YOUR TASK:
Between the line containing "move=> ? ? ? ? ?; case: (block_family" and the line containing "collinear with both: x_1" lies a run of lines; give that run again exactly, with both of those lines, and nothing else from the entries below.

(Stored items)
Definition third_block (s p : nat) : bool :=
  [|| p == s,
      (s.+1 < a) && (p == ptZ s.+1),
      (s.+1 == a) && (p == ptZ 0)
    | p == ptY s].

Definition on_block (t p : nat) : bool :=
  [|| (t < a) && first_block t p,
      (a <= t < 2 * a) && second_block (t - a) p
    | (2 * a <= t) && third_block (t - 2 * a) p].

Lemma on_block_first t : t < a -> on_block t =1 first_block t.
Proof.
move=> ht p; rewrite /on_block.
have [-> ->] : (a <= t) = false /\ (2 * a <= t) = false by split; apply/negbTE; lia.
by rewrite ht /= orbF.
Qed.

Lemma on_block_second t : a <= t < 2 * a -> on_block t =1 second_block (t - a).
Proof.
move=> ht p; rewrite /on_block.
have [-> ->] : (t < a) = false /\ (2 * a <= t) = false by split; apply/negbTE; lia.
by rewrite ht /= orbF.
Qed.

Lemma on_block_third t : 2 * a <= t -> on_block t =1 third_block (t - 2 * a).
Proof.
move=> ht p; rewrite /on_block.
have [-> ->] : (t < a) = false /\ (t < 2 * a) = false by split; apply/negbTE; lia.
by rewrite ht /= andbF.
Qed.

Lemma block_family t : [\/ t < a, a <= t < 2 * a | 2 * a <= t].
Proof.
case: (ltnP t a) => ?; first by constructor 1.
by case: (ltnP t (2 * a)) => ?; [constructor 2; apply/andP | constructor 3].
Qed.

Ltac unfold_on_block :=
  repeat match goal with
  | h : is_true (?t < a) |- context [on_block ?t _] => rewrite !(on_block_first h)
  | h : is_true (a <= ?t < 2 * a) |- context [on_block ?t _] => rewrite !(on_block_second h)
  | h : is_true (2 * a <= ?t) |- context [on_block ?t _] => rewrite !(on_block_third h)
  end; rewrite /first_block /second_block /third_block.

Ltac split_ands :=
  repeat match goal with H : is_true (_ && _) |- _ => case/andP: H => ? ? end.
Ltac clear_ors :=
  repeat match goal with H : is_true (_ || _) |- _ => clear H end.
Ltac split_ors :=
  split_ands;
  repeat match goal with H : is_true (_ || _) |- _ =>
    case/orP: H => H; split_ands; try (solve [clear_ors; lia]) end.

Ltac prove_bool :=
  lazymatch goal with
  | |- is_true (_ || _) => first [apply/orP; left; prove_bool | apply/orP; right; prove_bool]
  | |- is_true (_ && _) => apply/andP; split; prove_bool
  | |- _ => lia
  end.

Ltac prove_on_block := rewrite /on_block /first_block /second_block /third_block; prove_bool.

(* The construction is valid for c <= a <= c + 2 and v = 2a + c >= 9 (for
   v = 8 two points would share two blocks). *)
Hypotheses (hca : c <= a) (hac : a <= c + 2) (hv : 9 <= 2 * a + c).

Local Notation v := (2 * a + c).

Ltac block_triple p1 p2 p3 :=
  exists p1, p2, p3; split; [by split; lia | by split; lia |];
  move=> n hn; apply/idP/idP; unfold_on_block;
  [move=> ?; split_ors | by case/or3P => /eqP ->; prove_bool].

Lemma block_points t : t < v -> exists p1 p2 p3,
  [/\ [/\ p1 < v, p2 < v & p3 < v], [/\ p1 != p2, p1 != p3 & p2 != p3] &
      forall n, n < v -> on_block t n = [|| n == p1, n == p2 | n == p3]].
Proof.
move=> ht; case: (block_family t) => hfam.
- have [?|?] := ltnP t.+1 c; first by block_triple t (a + c + t) (a + t.+1).
  have [?|?] := eqVneq t.+1 a; first by block_triple t (a + c + t) a.
  by block_triple t (a + c + t) t.+1.
- have [?|?] := ltnP (t + 2) (a + c); first by block_triple (t - a) (c + t + 2) (t + 2).
  have [?|?] := ltnP (t + 3) (2 * a); first by block_triple (t - a) (c + t + 2) (c + t + 3).
  have [?|?] := eqVneq (t + 3) (2 * a); first by block_triple (t - a) (c + t + 2) (a + c).
  by block_triple (t - a) (c + t + 2 - a) (t + 2 - a).
- have [?|?] := ltnP (t + 1) (3 * a); first by block_triple (t - 2 * a) (c + t + 1 - a) (t - a).
  by block_triple (t - 2 * a) (a + c) (t - a).
Qed.

Ltac three_blocks t1 t2 t3 :=
  exists t1, t2, t3; split; [by split; lia | by split; lia | by split; prove_on_block].

Lemma point_blocks p : p < v -> exists t1 t2 t3,
  [/\ [/\ t1 < v, t2 < v & t3 < v], [/\ t1 != t2, t1 != t3 & t2 != t3] &
      [/\ on_block t1 p, on_block t2 p & on_block t3 p]].
Proof.
move=> hp; have [pa|pa] := ltnP p a.
  have [?|?] := ltnP p c; first by three_blocks p (a + p) (2 * a + p).
  by three_blocks p (p - 1) (a + p).
have [?|?] := ltnP p (a + c).
  have [?|?] := eqVneq p a; first by three_blocks (a - 1) (2 * a - 2) (2 * a).
  have [?|?] := eqVneq p (a + 1); first by three_blocks 0 (2 * a - 1) (2 * a + 1).
  by three_blocks (p - a - 1) (p - 2) (a + p).
have [?|?] := eqVneq p (a + c).
  have [?|?] := eqVneq c a; first by three_blocks 0 (2 * a - 2) (3 * a - 1).
  by three_blocks 0 (2 * a - 2) (2 * a - 3).
have [?|?] := eqVneq p (a + c + 1); first by three_blocks 1 (2 * a - 1) (2 * a).
have [?|?] := leqP p (a + 2 * c); first by three_blocks (p - a - c) (p - c - 2) (a + p - c - 1).
by three_blocks (p - a - c) (p - c - 2) (p - c - 3).
Qed.

Lemma on_block_unique t1 t2 p1 p2 :
  t1 < v -> t2 < v -> p1 < v -> p2 < v -> p1 != p2 ->
  on_block t1 p1 -> on_block t1 p2 -> on_block t2 p1 -> on_block t2 p2 -> t1 = t2.
Proof.
move=> ? ? ? ? ?; case: (block_family t1) => ?; case: (block_family t2) => ?;
  unfold_on_block => *; split_ors.
Qed.

Lemma block_meets_X t : t < v -> exists2 p, p < a & on_block t p.
Proof.
move=> ht; case: (block_family t) => ?; [exists t | exists (t - a) | exists (t - 2 * a)];
  by [lia | prove_on_block].
Qed.

Lemma block_meets_Z t : t < v -> exists2 p, a + c <= p < v & on_block t p.
Proof.
move=> ht; case: (block_family t) => hfam.
- by exists (a + c + t); [lia | prove_on_block].
- have [?|?] := ltnP (t + 2) (2 * a).
    by exists (c + t + 2); [lia | prove_on_block].
  by exists (c + t + 2 - a); [lia | prove_on_block].
- have [?|?] := ltnP (t + 1) (3 * a).
    by exists (c + t + 1 - a); [lia | prove_on_block].
  by exists (a + c); [lia | prove_on_block].
Qed.

(* Every point p > 0 is linked to a smaller point p' through a point z
   collinear with both: x_1 -- z_1 -- x_0 and x_p -- z_p -- x_(p-2) for
   p >= 2 in X, while z = p itself for p in Y or Z, which is collinear with
   x_(p-a), resp. x_(p-a-c). *)
Lemma linked_to_smaller p : 0 < p < v -> exists p' z t1 t2,
  [/\ p' < p, z < v, t1 < v & t2 < v] /\
  [/\ on_block t1 p', on_block t1 z, on_block t2 z & on_block t2 p].
Proof.
move=> hp; have [?|?] := ltnP p a.
  have [?|?] := eqVneq p 1.
    exists 0, (a + c + 1), (2 * a), 1; split; first by split; lia.
    by split; prove_on_block.
  exists (p - 2), (a + c + p), (a + p - 2), p; split; first by split; lia.
  by split; prove_on_block.
have [?|?] := ltnP p (a + c).
  exists (p - a), p, (a + p), (a + p); split; first by split; lia.
  by split; prove_on_block.
exists (p - a - c), p, (p - a - c), (p - a - c); split; first by split; lia.
by split; prove_on_block.
Qed.

Definition config_blocks (t : 'I_v) : {set 'I_v} := [set p : 'I_v | on_block t p].

(* The three axioms of a symmetric configuration v_3; point degrees follow
   from the block sizes by double counting. *)
Lemma config_is_v3 : is_config_v3 config_blocks.
Proof.
have block3 t : #|config_blocks t| = 3.
  have [p1 [p2 [p3 [hp hdist hP]]]] := block_points (ltn_ord t).
  exact: card_three hp hdist hP.
split; [exact: block3 | split].
- apply: degree_eq_of_ge block3 _ => x.
  have [t1 [t2 [t3 [[h1 h2 h3] [d12 d13 d23] [on1 on2 on3]]]]] := point_blocks (ltn_ord x).
  apply/card_gt2P; exists (Ordinal h1), (Ordinal h2), (Ordinal h3).
  split; first by rewrite !inE on1 on2 on3.
  by rewrite -!val_eqE /= d12 d23 eq_sym d13.
- move=> x y nxy; apply/card_le1_eqP => j k; rewrite !inE => /andP [jx jy] /andP [kx ky].
  have nxy' : val x != val y by rewrite val_eqE.
  exact/val_inj/(on_block_unique (ltn_ord k) (ltn_ord j) (ltn_ord x) (ltn_ord y) nxy' kx ky jx jy).
Qed.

EXPECTED OUTPUT:
move=> ? ? ? ? ?; case: (block_family t1) => ?; case: (block_family t2) => ?;
  unfold_on_block => *; split_ors.
Qed.

Lemma block_meets_X t : t < v -> exists2 p, p < a & on_block t p.
Proof.
move=> ht; case: (block_family t) => ?; [exists t | exists (t - a) | exists (t - 2 * a)];
  by [lia | prove_on_block].
Qed.

Lemma block_meets_Z t : t < v -> exists2 p, a + c <= p < v & on_block t p.
Proof.
move=> ht; case: (block_family t) => hfam.
- by exists (a + c + t); [lia | prove_on_block].
- have [?|?] := ltnP (t + 2) (2 * a).
    by exists (c + t + 2); [lia | prove_on_block].
  by exists (c + t + 2 - a); [lia | prove_on_block].
- have [?|?] := ltnP (t + 1) (3 * a).
    by exists (c + t + 1 - a); [lia | prove_on_block].
  by exists (a + c); [lia | prove_on_block].
Qed.

(* Every point p > 0 is linked to a smaller point p' through a point z
   collinear with both: x_1 -- z_1 -- x_0 and x_p -- z_p -- x_(p-2) for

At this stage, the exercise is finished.